Toshiba's accounting irregularities and the debate over controversial security bills have made Western investors think twice about investing in Japanese stocks.     

     The book-padding has global investors worrying that Toshiba may be the tip of the iceberg. International investors, who are critical of inefficient companies that cling to outdated practices, are becoming increasingly skeptical about whether a new corporate governance code and other efforts will really help change Japan Inc.'s clubbiness.

     And now that the defense bills have come under hot debate, Prime Minister Shinzo Abe's approval ratings are tumbling. The situation is adding to investors' concerns.

     Investing in Japanese stocks has been supported by a continued rise in stock prices, partly thanks to government stability. But Abe's latest approval ratings seem to be undermining that stability.

     Pension funds and other institutional investors that like to hold on to the stocks they buy are becoming increasingly cautious about investing in Japanese shares.

     Meanwhile, hedge funds are beginning to sell yen for dollars in the foreign exchange markets, with a target exchange rate of around 127 yen. They are constructing portfolios on the assumption of a U.S. rate hike in September; Fed Chair Janet Yellen as much as signaled this move last week while testifying in front of Congress.
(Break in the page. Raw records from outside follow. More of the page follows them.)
Lemma in_copy_of_rooted_inj_hom (W V : finType) (l : nat) (EF : {set {set W}})
    (EH : {set {set V}}) (c : W -> 'I_l.+2) (w0 : W) (v : V) :
  (forall e, e \in EF -> forall i : 'I_l.+2, #|[set u in e | c u == i]| = 1%N) ->
  c w0 = ord0 -> 0 < rooted_inj_hom_count (edge_ind EH) v #|W|.-1 l.+1 ->
  in_copy EF EH v.
Proof.
move=> c_edge c_w0; have W_gt0 : 0 < #|W| by apply/card_gt0P; exists w0.
rewrite lt0n sum_nat_seq_neq0 => /hasP[U U_t /andP[uvU]]; rewrite -lt0n.
move=> /(inj_hom_count_gt0 uvU) [ps [ps_l ps_t u_ps ps_edges]].
apply: (@in_copy_of_rows _ _ l.+1 EF EH c w0 v ((v :: U) :: ps)) => //.
- by rewrite /= ps_l.
- by move: ps_t; rewrite /= (size_mem_allseqs U_t) prednK // eqxx.
- move=> xs /(@supported_transversal _ (edge_ind EH) ((v :: U) :: ps) xs ps_edges).
  by rewrite lt0b.
Qed.

Local Open Scope ring_scope.

Definition rooted_density_lb (R : realType) (alpha : R) (t l : nat) : R :=
  (alpha ^+ t.+1 / 2) ^+ (t.+1 ^ l.+1).

Lemma rooted_density_lb_gt0 (R : realType) (alpha : R) t l :
  0 < alpha -> 0 < rooted_density_lb alpha t l.
Proof. by move=> alpha_gt0; rewrite exprn_gt0 ?divr_gt0 ?exprn_gt0. Qed.

Section VertexDensity.
Variables (R : realType) (V : finType) (EH : {set {set V}}) (l t : nat) (alpha : R).
Variable v : V.
Hypotheses (EH_unif : is_kgraph l.+2 EH) (EH_codeg : codeg_ge l.+2 EH alpha).
Hypothesis alpha_gt0 : 0 < alpha.
Hypothesis n_ge : (2 * (l * (1 + l)) <= #|V|)%N.
Local Notation nR := (#|V|%:R : R).
Local Notation e := (edge_ind EH).

Let card_gt0 : (0 < #|V|)%N. Proof. by apply/card_gt0P; exists v. Qed.
Let n_gt0 : 0 < nR. Proof. by rewrite ltr0n. Qed.

Lemma sum_edge_ind_ge_codeg s : uniq s -> size s = l.+1 ->
  alpha * nR <= (\sum_x e (x :: s))%:R.
Proof.
move=> us s_l; have cardS : #|[set y in s]| = l.+1 by rewrite cardsE (card_uniqP us).
by apply: (le_trans (EH_codeg cardS)); rewrite ler_nat (codeg_le_sum_edge_ind EH_unif).
Qed.

Lemma degree_ge : alpha * nR ^+ l.+1 <= 2 * (\sum_(s <- allseqs V l.+1) e (v :: s))%:R.
Proof.
set G := (\sum_(s <- allseqs V l) (uniq (v :: s) : nat))%N.
have deg_ge : alpha * nR * G%:R <= (\sum_(s <- allseqs V l.+1) e (v :: s))%:R.
  rewrite sum_edge_indS natr_sum /G natr_sum mulr_sumr.
  rewrite big_seq [X in _ <= X]big_seq; apply: ler_sum => s /size_mem_allseqs s_l.
  case uvs: (uniq (v :: s)); last by rewrite mulr0 ler0n.
  by rewrite mulr1; apply: sum_edge_ind_ge_codeg; rewrite //= s_l.
have G_ge : nR ^+ l <= 2 * G%:R.
  by rewrite -natrX -natrM ler_nat count_uniq_cons_ge.
apply: (@le_trans _ _ (alpha * nR * (2 * G%:R))).
  by rewrite exprS mulrA ler_wpM2l // mulr_ge0 // ltW.
by rewrite mulrCA ler_wpM2l.
Qed.

Lemma rooted_link_sum_ge : alpha ^+ t.+1 / 2 * nR ^+ (t + l.+1)
  <= (\sum_(U <- allseqs V t) \sum_(s <- allseqs V l.+1) link e (v :: U) s)%:R.
Proof.
have anR_ge0 : 0 <= alpha * nR by rewrite mulr_ge0 // ltW.
rewrite sum_rooted_link natr_sum.
apply: (@le_trans _ _ ((alpha * nR) ^+ t * (\sum_(s <- allseqs V l.+1) e (v :: s))%:R)).
  have -> : alpha ^+ t.+1 / 2 * nR ^+ (t + l.+1)
      = (alpha * nR) ^+ t * (alpha * nR ^+ l.+1 / 2) by rewrite exprMn exprS exprD; ring.
  by rewrite ler_wpM2l ?exprn_ge0 // ler_pdivrMr // [_ * 2]mulrC degree_ge.
rewrite natr_sum mulr_sumr big_seq [X in _ <= X]big_seq; apply: ler_sum => s s_l.
have := edge_ind_le1 EH (v :: s).
case vs: (e (v :: s)) => [|[|]] // _; first by rewrite mul0n mulr0.
have uvs : uniq (v :: s).
  by apply: (edge_ind_uniq EH_unif); rewrite /= ?(size_mem_allseqs s_l) // vs.
rewrite mul1n mulr1 natrX; apply: lerXn2r; rewrite ?nnegrE ?ler0n //.
by case/andP: uvs => _ us; rewrite sum_edge_ind_ge_codeg ?(size_mem_allseqs s_l).
Qed.

Lemma rooted_hom_count_ge_density :
  rooted_density_lb alpha t l * nR ^+ (t + l.+1 * t.+1)
    <= (rooted_hom_count e v t l.+1)%:R.
Proof.
set m := (t.+1 ^ l.+1)%N.
have := rooted_hom_count_ge e v t l.+1 card_gt0.
rewrite -(ler_nat R) !natrM !natrX -/m => count_ge.
have nR_gt0 : 0 < nR ^+ (t * m) * nR ^+ (l.+1 * m) by rewrite mulr_gt0 // exprn_gt0.
rewrite -(ler_pM2r nR_gt0) /rooted_density_lb -/m.
have -> : (alpha ^+ t.+1 / 2) ^+ m * nR ^+ (t + l.+1 * t.+1)
    * (nR ^+ (t * m) * nR ^+ (l.+1 * m))
  = (alpha ^+ t.+1 / 2 * nR ^+ (t + l.+1)) ^+ m * nR ^+ t * nR ^+ (l.+1 * t.+1).
  by rewrite [in RHS]exprMn -[in RHS]exprM mulnDl !exprD; ring.
rewrite [_%:R * _]mulrC; apply: le_trans count_ge.
rewrite !ler_wpM2r ?exprn_ge0 ?ler0n //.
apply: lerXn2r; last exact: rooted_link_sum_ge.
  by rewrite nnegrE mulr_ge0 ?divr_ge0 ?exprn_ge0 ?ler0n ?ltW.
by rewrite nnegrE ler0n.
Qed.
     These funds have adopted a volatility-focused stance, buying Japanese stocks only when stock prices wildly gyrate due to political and other factors.

     Generally, foreign investors have been little involved since Japanese stocks began going back up, after Greece's debt crisis and China's stock crash looked to have been solved. But global investors, it seems, remain risk-averse. Although some market watchers say the two risks have faded, questions remain regarding a snap election in Greece and how far China's price-keeping operations can go.

     For the time being, market attention is focused on how much longer Japanese stocks can continue their upswing in the near absence of global investors.

Itsuo Toshima is an independent investment adviser based in Tokyo and the former Japan representative of the World Gold Council.